ASSIGNED TASK:
In the listing below, every line with the word "mathcomp" needs to be copied.

EXERCISE MATERIALS:
──────────────────────────────

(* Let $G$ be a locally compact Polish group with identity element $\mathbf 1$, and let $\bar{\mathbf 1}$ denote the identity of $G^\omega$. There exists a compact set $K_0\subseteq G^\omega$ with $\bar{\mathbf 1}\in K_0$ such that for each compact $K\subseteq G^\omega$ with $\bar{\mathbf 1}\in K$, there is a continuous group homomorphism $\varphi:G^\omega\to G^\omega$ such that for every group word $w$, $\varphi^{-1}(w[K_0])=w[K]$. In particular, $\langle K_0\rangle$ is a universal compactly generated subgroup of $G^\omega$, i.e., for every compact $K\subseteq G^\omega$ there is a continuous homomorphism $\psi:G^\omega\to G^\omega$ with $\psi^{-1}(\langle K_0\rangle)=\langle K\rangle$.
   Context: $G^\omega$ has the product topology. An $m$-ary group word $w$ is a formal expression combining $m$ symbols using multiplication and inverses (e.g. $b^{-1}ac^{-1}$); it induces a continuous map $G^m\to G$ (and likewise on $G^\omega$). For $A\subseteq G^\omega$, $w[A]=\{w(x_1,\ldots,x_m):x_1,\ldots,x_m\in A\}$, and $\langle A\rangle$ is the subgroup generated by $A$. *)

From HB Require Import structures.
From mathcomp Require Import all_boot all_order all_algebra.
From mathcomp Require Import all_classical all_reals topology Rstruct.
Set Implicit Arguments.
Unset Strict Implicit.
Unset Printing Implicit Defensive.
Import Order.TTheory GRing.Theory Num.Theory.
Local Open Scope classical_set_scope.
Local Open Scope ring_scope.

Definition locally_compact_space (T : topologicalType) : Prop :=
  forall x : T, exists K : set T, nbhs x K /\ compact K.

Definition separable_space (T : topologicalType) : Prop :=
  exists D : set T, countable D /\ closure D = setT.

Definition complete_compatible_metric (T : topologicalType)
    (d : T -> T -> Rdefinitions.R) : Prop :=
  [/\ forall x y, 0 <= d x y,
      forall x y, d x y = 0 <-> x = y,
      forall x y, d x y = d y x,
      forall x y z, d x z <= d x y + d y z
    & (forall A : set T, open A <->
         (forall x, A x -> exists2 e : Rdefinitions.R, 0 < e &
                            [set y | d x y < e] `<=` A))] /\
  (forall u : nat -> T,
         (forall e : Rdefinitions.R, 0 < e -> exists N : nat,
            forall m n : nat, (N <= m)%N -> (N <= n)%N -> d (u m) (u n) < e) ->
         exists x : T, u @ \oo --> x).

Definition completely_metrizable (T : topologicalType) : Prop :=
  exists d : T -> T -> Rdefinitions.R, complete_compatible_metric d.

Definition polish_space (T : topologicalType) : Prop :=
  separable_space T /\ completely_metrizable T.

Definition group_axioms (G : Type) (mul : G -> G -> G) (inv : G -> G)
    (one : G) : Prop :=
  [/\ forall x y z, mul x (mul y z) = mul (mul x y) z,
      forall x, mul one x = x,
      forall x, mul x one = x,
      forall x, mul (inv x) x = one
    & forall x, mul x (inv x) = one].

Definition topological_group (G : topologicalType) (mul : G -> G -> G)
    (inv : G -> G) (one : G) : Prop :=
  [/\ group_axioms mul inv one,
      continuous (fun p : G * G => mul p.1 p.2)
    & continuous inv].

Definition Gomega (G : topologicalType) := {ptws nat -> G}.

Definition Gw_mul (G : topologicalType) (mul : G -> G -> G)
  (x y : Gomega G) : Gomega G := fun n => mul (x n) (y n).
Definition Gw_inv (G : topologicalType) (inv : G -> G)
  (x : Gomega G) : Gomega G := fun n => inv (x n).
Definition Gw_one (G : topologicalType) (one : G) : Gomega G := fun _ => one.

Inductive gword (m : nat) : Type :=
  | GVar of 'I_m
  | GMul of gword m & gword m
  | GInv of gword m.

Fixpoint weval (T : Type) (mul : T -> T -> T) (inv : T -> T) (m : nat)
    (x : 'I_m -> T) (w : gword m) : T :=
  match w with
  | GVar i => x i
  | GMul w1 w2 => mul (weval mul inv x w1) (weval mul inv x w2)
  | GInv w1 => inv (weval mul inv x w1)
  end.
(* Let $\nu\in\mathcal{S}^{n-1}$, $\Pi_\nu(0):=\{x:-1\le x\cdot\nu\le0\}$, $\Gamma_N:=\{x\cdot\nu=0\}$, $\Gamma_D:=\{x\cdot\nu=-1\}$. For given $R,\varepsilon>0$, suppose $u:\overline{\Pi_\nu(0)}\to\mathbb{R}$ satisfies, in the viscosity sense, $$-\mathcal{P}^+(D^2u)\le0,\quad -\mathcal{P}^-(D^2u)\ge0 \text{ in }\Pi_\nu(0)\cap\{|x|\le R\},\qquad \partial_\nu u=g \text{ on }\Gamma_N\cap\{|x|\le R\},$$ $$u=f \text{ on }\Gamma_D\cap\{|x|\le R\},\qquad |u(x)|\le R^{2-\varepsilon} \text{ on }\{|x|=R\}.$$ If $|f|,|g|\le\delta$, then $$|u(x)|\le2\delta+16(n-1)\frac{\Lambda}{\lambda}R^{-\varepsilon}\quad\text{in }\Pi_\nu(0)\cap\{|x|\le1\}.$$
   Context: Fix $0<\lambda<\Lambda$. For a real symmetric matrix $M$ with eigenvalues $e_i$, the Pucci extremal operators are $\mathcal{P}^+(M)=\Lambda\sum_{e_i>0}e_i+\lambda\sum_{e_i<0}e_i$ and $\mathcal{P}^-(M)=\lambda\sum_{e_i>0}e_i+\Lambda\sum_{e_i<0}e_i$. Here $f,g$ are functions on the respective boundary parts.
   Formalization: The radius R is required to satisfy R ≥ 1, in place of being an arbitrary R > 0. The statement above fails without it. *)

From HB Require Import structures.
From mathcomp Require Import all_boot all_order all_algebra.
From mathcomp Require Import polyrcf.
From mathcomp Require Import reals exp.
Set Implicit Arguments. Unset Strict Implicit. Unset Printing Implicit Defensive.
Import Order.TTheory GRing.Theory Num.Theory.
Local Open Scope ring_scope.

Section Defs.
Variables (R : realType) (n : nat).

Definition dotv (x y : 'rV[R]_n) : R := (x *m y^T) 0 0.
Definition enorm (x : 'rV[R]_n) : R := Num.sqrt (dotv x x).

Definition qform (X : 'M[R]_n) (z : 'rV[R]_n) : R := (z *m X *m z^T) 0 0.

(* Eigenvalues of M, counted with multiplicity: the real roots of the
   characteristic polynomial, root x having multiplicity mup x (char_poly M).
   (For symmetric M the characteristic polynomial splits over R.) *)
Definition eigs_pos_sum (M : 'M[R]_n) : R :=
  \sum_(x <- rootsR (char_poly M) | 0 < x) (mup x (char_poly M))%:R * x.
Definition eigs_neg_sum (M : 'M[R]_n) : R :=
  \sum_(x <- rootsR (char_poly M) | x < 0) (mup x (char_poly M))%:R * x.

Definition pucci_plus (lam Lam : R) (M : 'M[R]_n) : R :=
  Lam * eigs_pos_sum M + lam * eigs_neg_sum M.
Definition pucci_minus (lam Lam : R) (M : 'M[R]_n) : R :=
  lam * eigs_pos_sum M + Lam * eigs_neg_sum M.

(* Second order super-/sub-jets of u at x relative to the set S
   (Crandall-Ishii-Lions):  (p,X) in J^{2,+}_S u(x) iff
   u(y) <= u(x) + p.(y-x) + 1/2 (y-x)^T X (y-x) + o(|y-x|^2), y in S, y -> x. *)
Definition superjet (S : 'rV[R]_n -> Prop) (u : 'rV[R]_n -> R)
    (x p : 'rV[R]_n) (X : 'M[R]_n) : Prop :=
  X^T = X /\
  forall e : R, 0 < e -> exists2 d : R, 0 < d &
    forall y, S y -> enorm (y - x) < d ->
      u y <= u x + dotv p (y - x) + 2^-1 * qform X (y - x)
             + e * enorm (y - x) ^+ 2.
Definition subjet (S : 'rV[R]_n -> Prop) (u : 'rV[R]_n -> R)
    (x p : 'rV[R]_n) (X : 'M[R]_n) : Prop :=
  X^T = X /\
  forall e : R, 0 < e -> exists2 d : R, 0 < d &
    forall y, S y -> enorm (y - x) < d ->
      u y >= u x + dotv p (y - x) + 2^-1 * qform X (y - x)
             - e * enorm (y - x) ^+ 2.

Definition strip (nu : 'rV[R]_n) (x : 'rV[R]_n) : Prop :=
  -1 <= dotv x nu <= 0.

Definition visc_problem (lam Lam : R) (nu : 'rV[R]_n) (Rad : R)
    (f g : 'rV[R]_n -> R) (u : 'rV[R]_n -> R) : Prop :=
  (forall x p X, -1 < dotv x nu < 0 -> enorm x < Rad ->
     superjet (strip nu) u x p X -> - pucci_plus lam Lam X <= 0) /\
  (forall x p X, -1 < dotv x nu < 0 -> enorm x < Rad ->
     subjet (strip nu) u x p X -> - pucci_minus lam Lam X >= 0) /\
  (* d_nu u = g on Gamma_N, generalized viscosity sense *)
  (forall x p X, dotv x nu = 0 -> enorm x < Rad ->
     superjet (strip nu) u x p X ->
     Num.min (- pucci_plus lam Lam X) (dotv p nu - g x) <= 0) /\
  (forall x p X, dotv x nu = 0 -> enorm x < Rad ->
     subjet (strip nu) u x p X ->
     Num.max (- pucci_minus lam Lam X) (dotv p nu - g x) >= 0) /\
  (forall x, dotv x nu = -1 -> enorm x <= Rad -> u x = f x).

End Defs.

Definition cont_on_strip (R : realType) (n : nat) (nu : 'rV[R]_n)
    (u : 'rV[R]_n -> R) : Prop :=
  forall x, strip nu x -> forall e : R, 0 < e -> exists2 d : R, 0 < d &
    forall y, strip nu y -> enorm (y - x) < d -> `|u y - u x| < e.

──────────────────────────────

TASK RESULT:
From mathcomp Require Import all_boot all_order all_algebra.
From mathcomp Require Import all_classical all_reals topology Rstruct.
From mathcomp Require Import all_boot all_order all_algebra.
From mathcomp Require Import polyrcf.
From mathcomp Require Import reals exp.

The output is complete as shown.